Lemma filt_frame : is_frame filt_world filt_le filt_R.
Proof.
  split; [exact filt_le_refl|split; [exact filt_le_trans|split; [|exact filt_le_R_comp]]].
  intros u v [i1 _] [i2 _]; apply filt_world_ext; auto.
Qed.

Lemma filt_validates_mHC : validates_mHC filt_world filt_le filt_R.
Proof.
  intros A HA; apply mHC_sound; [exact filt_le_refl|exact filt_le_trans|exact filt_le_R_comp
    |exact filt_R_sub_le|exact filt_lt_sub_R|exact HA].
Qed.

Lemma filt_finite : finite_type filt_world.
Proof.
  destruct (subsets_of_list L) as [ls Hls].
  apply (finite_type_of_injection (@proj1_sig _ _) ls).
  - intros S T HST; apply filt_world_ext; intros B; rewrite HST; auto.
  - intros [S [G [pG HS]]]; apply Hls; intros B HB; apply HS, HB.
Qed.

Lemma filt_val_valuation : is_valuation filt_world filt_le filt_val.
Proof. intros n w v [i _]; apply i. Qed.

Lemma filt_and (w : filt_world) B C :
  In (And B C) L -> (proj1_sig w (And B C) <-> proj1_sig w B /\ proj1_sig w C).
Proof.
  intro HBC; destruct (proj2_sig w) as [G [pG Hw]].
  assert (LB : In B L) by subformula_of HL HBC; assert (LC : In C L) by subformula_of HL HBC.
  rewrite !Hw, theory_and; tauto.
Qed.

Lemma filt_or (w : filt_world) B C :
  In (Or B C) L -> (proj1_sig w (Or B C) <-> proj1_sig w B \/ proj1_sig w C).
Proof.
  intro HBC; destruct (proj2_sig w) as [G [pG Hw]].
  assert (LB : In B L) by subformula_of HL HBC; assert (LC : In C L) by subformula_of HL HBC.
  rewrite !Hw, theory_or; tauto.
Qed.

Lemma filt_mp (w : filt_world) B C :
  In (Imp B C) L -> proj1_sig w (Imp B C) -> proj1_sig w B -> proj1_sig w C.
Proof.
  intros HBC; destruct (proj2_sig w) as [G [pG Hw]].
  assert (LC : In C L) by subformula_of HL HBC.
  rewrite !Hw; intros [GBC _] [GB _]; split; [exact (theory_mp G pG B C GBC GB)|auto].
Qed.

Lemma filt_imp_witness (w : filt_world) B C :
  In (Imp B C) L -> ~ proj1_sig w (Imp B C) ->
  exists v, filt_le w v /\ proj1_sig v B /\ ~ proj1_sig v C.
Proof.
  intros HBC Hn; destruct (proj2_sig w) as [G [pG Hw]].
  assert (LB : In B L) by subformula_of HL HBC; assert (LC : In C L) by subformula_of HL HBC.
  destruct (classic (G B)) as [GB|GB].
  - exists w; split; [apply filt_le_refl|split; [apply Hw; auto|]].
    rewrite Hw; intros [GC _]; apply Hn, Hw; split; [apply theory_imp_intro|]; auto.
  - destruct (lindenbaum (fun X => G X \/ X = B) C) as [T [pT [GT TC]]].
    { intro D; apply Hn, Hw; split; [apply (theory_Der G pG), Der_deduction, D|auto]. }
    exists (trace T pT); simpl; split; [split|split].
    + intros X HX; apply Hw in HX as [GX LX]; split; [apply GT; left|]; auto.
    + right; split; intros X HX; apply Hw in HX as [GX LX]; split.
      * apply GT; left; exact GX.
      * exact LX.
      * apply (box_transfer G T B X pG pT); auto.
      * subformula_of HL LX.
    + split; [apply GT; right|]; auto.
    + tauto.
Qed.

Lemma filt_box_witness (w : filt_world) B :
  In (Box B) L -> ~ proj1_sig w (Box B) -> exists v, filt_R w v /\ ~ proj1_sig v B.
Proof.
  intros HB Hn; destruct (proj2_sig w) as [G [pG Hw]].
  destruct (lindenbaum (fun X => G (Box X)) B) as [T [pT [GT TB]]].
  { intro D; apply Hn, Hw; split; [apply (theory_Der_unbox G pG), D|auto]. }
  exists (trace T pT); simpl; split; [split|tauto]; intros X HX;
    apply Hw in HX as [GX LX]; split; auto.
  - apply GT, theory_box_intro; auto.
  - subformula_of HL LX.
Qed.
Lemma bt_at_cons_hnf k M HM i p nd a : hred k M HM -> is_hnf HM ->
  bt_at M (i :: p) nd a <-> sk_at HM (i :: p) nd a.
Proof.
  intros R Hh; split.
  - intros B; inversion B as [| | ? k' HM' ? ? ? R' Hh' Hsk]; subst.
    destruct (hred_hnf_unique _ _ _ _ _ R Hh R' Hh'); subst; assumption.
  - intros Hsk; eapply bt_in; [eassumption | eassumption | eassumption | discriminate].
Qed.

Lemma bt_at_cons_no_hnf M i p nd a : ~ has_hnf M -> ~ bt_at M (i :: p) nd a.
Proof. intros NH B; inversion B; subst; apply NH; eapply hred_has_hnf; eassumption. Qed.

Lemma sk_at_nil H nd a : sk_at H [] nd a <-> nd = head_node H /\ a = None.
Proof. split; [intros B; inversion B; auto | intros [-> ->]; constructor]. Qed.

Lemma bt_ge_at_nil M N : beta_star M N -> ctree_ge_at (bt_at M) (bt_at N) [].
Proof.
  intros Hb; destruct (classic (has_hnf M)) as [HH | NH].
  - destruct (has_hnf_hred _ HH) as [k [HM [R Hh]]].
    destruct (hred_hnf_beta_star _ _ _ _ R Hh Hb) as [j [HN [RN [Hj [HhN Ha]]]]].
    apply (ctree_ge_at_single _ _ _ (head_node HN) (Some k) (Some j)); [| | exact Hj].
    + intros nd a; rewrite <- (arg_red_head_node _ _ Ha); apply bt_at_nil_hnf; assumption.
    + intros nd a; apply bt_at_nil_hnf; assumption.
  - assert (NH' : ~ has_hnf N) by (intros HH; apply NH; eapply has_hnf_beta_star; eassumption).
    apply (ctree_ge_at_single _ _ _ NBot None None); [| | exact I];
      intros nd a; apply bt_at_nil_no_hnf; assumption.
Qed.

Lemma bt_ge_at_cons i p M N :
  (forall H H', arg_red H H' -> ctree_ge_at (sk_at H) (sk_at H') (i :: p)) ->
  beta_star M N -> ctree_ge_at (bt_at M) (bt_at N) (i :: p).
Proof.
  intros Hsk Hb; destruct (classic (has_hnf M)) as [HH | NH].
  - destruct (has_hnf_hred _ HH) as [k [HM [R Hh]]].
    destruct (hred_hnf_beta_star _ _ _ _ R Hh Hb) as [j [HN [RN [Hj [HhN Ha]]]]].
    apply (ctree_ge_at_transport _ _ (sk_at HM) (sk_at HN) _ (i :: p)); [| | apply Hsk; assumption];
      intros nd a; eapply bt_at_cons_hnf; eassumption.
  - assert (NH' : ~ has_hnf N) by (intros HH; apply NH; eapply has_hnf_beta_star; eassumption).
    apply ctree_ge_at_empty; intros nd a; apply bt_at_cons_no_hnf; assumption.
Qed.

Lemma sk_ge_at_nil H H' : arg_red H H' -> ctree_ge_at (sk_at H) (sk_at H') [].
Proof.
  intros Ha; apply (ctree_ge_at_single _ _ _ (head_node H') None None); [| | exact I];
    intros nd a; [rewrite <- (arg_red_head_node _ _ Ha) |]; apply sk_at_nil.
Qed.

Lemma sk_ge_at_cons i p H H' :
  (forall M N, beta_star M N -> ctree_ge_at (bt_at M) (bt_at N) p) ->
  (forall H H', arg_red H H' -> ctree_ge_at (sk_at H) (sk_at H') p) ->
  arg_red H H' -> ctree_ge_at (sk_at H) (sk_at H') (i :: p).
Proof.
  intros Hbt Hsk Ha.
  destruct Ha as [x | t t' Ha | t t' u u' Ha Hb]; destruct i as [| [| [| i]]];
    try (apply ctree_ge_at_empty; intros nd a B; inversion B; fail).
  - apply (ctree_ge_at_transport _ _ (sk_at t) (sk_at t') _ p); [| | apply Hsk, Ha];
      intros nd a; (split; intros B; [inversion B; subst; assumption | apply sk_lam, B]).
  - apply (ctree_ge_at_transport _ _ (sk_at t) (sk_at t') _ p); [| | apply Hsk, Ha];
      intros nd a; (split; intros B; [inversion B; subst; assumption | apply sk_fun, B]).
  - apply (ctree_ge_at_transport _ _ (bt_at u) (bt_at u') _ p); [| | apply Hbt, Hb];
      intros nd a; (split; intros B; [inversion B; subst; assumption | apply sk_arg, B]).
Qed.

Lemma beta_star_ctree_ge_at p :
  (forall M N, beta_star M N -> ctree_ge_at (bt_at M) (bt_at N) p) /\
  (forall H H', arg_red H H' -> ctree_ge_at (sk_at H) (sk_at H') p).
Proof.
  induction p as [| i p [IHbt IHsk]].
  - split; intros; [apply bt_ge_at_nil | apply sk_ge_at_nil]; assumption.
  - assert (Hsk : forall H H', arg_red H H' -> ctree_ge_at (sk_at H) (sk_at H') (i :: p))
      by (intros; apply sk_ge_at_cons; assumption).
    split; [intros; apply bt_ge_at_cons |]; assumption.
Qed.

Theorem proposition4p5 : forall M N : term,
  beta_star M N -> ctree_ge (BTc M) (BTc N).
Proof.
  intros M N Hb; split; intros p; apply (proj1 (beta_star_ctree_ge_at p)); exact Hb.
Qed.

--

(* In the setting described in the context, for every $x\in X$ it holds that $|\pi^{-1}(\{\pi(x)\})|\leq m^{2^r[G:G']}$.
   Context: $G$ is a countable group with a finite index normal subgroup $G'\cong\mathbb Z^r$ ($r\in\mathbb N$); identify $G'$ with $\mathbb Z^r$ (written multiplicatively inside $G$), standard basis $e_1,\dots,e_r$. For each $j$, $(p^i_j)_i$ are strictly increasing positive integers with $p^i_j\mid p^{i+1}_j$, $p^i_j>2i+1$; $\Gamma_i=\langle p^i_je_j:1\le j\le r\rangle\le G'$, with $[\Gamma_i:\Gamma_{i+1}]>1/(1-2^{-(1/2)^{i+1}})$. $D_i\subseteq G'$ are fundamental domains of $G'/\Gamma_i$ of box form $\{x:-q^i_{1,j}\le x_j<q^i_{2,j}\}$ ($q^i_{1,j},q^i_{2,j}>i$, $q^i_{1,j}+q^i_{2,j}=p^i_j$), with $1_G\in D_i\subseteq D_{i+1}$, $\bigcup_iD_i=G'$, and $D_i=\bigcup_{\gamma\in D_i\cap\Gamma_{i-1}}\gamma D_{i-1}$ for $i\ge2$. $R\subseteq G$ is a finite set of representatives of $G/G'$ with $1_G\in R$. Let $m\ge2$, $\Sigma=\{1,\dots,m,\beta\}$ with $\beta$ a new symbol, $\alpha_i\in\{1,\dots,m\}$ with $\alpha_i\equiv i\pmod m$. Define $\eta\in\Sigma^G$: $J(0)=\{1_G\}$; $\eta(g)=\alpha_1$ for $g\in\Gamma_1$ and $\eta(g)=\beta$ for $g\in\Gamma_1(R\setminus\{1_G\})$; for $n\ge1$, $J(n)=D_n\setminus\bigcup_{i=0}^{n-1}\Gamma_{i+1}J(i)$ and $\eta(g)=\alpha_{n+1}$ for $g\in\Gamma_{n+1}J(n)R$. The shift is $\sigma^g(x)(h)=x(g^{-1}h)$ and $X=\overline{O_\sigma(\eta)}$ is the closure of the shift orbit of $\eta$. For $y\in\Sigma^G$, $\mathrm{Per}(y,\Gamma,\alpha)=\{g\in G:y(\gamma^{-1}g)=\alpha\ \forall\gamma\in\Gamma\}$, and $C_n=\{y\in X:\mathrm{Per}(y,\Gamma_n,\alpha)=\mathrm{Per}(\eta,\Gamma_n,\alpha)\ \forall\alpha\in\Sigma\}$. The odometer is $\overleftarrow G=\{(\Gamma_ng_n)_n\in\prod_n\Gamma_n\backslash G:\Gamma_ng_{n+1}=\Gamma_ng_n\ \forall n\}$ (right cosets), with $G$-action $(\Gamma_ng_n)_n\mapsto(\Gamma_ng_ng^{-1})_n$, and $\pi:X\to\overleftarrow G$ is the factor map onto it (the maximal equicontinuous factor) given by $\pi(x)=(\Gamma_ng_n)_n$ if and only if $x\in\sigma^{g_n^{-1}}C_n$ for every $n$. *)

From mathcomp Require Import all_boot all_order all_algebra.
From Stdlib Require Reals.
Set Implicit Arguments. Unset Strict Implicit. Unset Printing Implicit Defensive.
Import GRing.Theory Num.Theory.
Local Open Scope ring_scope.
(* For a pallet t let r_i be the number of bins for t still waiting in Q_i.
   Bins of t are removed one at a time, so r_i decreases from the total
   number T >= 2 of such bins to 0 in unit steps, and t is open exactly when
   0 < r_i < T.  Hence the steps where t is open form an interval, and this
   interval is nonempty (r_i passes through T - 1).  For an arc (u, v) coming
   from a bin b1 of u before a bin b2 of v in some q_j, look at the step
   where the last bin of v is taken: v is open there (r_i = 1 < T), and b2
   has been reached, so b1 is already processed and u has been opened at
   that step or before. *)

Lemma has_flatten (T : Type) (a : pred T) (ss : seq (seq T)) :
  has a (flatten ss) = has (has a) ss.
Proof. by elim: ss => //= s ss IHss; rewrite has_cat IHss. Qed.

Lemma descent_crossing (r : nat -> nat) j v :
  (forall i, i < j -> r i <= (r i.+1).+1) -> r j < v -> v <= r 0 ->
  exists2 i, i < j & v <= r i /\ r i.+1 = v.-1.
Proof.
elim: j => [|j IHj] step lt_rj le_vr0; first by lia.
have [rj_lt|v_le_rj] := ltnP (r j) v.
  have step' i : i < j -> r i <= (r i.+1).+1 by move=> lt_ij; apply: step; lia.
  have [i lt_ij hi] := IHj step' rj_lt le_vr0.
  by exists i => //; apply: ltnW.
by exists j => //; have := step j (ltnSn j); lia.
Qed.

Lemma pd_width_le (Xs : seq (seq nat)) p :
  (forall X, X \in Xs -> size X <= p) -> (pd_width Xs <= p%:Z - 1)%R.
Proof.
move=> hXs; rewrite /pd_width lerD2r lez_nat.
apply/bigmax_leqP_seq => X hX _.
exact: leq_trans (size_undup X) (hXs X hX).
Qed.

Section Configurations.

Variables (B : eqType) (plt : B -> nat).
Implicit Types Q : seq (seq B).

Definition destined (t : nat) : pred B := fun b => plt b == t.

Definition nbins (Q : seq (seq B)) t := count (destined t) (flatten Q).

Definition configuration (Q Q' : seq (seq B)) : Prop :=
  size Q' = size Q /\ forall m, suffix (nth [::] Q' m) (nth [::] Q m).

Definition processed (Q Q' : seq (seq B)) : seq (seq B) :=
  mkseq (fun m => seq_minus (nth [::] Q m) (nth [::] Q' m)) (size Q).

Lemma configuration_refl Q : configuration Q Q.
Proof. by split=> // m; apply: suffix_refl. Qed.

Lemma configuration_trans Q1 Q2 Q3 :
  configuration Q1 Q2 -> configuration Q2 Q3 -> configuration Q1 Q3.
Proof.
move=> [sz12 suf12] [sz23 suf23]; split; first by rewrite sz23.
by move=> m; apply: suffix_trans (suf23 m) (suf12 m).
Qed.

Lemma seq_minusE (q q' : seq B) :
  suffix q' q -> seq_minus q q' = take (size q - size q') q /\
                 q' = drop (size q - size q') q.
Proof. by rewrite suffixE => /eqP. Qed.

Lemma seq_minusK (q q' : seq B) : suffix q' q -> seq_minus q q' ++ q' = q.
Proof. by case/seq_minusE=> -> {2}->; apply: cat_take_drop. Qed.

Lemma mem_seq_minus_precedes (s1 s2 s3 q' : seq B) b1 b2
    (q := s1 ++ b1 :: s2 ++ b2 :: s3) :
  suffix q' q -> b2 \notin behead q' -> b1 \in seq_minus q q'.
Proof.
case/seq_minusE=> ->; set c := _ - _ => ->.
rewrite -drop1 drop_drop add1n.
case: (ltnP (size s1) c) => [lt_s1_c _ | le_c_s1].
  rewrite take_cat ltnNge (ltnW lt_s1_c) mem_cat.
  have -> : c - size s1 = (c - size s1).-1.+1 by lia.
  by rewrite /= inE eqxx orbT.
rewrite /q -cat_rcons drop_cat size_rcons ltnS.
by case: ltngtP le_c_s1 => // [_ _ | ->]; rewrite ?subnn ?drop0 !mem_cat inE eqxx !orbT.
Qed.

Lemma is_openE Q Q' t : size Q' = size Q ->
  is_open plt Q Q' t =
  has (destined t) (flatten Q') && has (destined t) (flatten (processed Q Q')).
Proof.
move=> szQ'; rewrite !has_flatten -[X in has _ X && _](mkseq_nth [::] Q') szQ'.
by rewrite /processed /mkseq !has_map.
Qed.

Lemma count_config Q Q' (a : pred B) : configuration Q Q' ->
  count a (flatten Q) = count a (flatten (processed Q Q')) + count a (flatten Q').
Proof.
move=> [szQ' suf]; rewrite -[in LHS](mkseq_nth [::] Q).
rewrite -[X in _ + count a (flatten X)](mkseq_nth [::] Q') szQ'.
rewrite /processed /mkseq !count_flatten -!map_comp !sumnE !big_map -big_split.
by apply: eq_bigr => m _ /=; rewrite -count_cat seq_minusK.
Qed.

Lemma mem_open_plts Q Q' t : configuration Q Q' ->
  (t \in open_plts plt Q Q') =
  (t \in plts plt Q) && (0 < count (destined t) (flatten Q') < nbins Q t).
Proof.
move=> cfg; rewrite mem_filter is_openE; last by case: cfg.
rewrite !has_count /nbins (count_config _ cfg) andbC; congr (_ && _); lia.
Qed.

---

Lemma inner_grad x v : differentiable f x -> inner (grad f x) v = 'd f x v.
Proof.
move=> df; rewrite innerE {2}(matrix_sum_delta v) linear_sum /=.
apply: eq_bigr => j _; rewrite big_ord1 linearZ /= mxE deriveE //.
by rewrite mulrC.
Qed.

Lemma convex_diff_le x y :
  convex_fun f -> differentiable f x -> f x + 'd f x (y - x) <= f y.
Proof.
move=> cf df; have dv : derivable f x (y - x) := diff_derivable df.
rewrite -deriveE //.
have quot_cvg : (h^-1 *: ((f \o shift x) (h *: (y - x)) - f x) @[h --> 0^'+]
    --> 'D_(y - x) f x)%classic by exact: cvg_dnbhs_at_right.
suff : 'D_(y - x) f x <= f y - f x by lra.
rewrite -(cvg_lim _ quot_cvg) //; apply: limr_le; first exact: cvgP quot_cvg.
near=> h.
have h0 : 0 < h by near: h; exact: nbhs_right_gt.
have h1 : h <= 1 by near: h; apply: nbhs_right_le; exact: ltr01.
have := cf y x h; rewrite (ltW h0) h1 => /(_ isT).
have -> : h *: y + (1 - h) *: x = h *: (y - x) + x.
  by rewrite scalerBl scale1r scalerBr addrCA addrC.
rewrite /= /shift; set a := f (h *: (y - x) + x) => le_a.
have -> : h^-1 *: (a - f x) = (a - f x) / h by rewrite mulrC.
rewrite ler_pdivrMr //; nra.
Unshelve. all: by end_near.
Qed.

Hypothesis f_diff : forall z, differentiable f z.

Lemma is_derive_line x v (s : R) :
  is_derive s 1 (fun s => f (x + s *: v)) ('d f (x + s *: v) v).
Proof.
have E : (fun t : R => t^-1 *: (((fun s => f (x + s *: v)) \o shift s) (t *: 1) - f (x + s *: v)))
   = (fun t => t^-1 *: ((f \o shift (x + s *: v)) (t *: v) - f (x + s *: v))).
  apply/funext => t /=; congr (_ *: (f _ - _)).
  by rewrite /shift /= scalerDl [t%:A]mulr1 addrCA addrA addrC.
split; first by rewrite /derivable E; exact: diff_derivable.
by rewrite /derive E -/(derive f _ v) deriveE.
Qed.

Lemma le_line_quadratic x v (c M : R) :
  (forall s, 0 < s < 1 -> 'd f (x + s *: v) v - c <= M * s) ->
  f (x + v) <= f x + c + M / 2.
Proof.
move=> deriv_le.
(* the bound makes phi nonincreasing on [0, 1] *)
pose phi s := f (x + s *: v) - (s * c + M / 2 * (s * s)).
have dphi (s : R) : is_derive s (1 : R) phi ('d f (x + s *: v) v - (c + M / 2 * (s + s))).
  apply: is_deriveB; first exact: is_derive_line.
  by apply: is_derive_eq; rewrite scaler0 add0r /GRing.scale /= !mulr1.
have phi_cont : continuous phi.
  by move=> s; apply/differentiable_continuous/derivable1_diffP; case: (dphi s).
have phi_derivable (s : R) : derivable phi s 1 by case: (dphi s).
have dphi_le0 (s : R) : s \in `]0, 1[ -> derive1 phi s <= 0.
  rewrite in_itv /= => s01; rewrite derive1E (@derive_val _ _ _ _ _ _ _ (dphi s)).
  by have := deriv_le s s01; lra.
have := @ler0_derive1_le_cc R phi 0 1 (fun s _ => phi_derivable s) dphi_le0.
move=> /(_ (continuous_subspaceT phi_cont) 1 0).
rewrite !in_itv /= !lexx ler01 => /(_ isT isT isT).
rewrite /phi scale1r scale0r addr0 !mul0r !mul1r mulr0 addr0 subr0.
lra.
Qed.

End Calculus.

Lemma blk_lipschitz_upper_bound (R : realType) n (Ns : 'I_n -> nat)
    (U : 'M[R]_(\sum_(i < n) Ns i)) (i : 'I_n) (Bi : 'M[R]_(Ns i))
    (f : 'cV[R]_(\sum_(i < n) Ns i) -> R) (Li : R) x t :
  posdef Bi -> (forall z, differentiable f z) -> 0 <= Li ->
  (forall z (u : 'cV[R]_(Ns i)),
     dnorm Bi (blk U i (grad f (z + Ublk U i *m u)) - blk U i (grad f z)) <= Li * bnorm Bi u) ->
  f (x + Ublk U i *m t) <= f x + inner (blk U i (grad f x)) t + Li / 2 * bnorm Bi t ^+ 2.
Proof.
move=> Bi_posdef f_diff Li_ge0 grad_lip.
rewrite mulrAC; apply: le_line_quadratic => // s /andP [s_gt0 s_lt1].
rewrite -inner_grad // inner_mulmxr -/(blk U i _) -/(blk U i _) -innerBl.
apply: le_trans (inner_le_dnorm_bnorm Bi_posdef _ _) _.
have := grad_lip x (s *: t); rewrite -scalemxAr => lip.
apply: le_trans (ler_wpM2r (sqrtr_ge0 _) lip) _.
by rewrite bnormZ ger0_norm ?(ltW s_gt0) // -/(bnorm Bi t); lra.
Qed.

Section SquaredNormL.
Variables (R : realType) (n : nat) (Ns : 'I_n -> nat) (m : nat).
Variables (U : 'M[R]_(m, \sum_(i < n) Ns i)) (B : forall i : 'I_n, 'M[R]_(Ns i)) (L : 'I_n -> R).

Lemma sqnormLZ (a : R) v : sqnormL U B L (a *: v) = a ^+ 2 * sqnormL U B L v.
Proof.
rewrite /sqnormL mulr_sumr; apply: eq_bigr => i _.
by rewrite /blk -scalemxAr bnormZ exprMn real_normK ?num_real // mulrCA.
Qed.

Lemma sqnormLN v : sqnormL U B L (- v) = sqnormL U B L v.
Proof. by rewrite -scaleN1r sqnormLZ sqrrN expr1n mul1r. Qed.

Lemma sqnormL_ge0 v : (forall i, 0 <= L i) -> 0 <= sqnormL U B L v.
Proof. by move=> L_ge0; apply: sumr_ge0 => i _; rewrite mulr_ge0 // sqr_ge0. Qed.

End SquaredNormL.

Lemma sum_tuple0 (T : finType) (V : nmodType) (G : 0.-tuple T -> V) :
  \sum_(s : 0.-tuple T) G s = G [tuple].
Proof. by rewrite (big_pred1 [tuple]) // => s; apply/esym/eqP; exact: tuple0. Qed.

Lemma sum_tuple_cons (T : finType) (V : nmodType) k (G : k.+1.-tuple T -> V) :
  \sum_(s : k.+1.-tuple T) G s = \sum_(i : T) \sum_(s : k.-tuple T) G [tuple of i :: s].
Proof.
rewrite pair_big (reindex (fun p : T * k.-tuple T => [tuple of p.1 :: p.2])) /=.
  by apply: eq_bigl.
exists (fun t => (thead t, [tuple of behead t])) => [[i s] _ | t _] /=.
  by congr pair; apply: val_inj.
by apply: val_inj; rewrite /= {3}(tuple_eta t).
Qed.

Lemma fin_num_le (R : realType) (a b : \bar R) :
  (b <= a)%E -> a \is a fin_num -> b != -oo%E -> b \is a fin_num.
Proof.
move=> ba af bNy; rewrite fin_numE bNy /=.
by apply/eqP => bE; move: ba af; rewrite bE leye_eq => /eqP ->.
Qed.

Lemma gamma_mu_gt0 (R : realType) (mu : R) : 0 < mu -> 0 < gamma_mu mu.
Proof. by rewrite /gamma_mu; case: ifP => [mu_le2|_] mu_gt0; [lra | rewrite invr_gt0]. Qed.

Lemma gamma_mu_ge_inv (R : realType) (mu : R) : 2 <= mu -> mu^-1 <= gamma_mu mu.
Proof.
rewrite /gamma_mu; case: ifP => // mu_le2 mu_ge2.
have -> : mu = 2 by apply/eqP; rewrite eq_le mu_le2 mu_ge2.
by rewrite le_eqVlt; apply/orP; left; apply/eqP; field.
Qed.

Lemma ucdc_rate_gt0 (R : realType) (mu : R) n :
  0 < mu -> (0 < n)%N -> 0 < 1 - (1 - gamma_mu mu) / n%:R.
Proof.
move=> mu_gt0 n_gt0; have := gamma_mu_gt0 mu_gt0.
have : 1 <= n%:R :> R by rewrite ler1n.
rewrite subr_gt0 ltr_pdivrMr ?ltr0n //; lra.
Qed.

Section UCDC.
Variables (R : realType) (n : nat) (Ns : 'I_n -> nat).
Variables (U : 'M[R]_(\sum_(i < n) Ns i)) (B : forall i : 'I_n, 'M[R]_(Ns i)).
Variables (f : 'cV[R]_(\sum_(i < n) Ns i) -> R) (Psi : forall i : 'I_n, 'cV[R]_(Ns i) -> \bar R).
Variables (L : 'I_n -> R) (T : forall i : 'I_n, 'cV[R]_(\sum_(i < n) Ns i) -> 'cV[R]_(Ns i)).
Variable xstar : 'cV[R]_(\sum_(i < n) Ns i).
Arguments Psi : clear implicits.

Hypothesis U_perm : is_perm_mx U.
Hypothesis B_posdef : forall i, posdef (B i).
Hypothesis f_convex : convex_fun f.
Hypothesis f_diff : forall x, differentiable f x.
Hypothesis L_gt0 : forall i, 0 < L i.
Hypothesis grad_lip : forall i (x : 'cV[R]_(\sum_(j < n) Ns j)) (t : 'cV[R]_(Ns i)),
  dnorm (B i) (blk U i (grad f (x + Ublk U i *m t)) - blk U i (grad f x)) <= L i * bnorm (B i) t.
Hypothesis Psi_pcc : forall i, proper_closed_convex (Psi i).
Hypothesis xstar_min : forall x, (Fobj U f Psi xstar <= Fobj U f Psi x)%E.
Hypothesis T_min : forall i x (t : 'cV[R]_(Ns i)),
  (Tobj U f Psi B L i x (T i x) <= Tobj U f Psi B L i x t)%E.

_Try it_
Only the lines holding the string "sqnormLZ" are needed; copy each of them from the material above.

_Response to this exercise_
Lemma sqnormLZ (a : R) v : sqnormL U B L (a *: v) = a ^+ 2 * sqnormL U B L v.
Proof. by rewrite -scaleN1r sqnormLZ sqrrN expr1n mul1r. Qed.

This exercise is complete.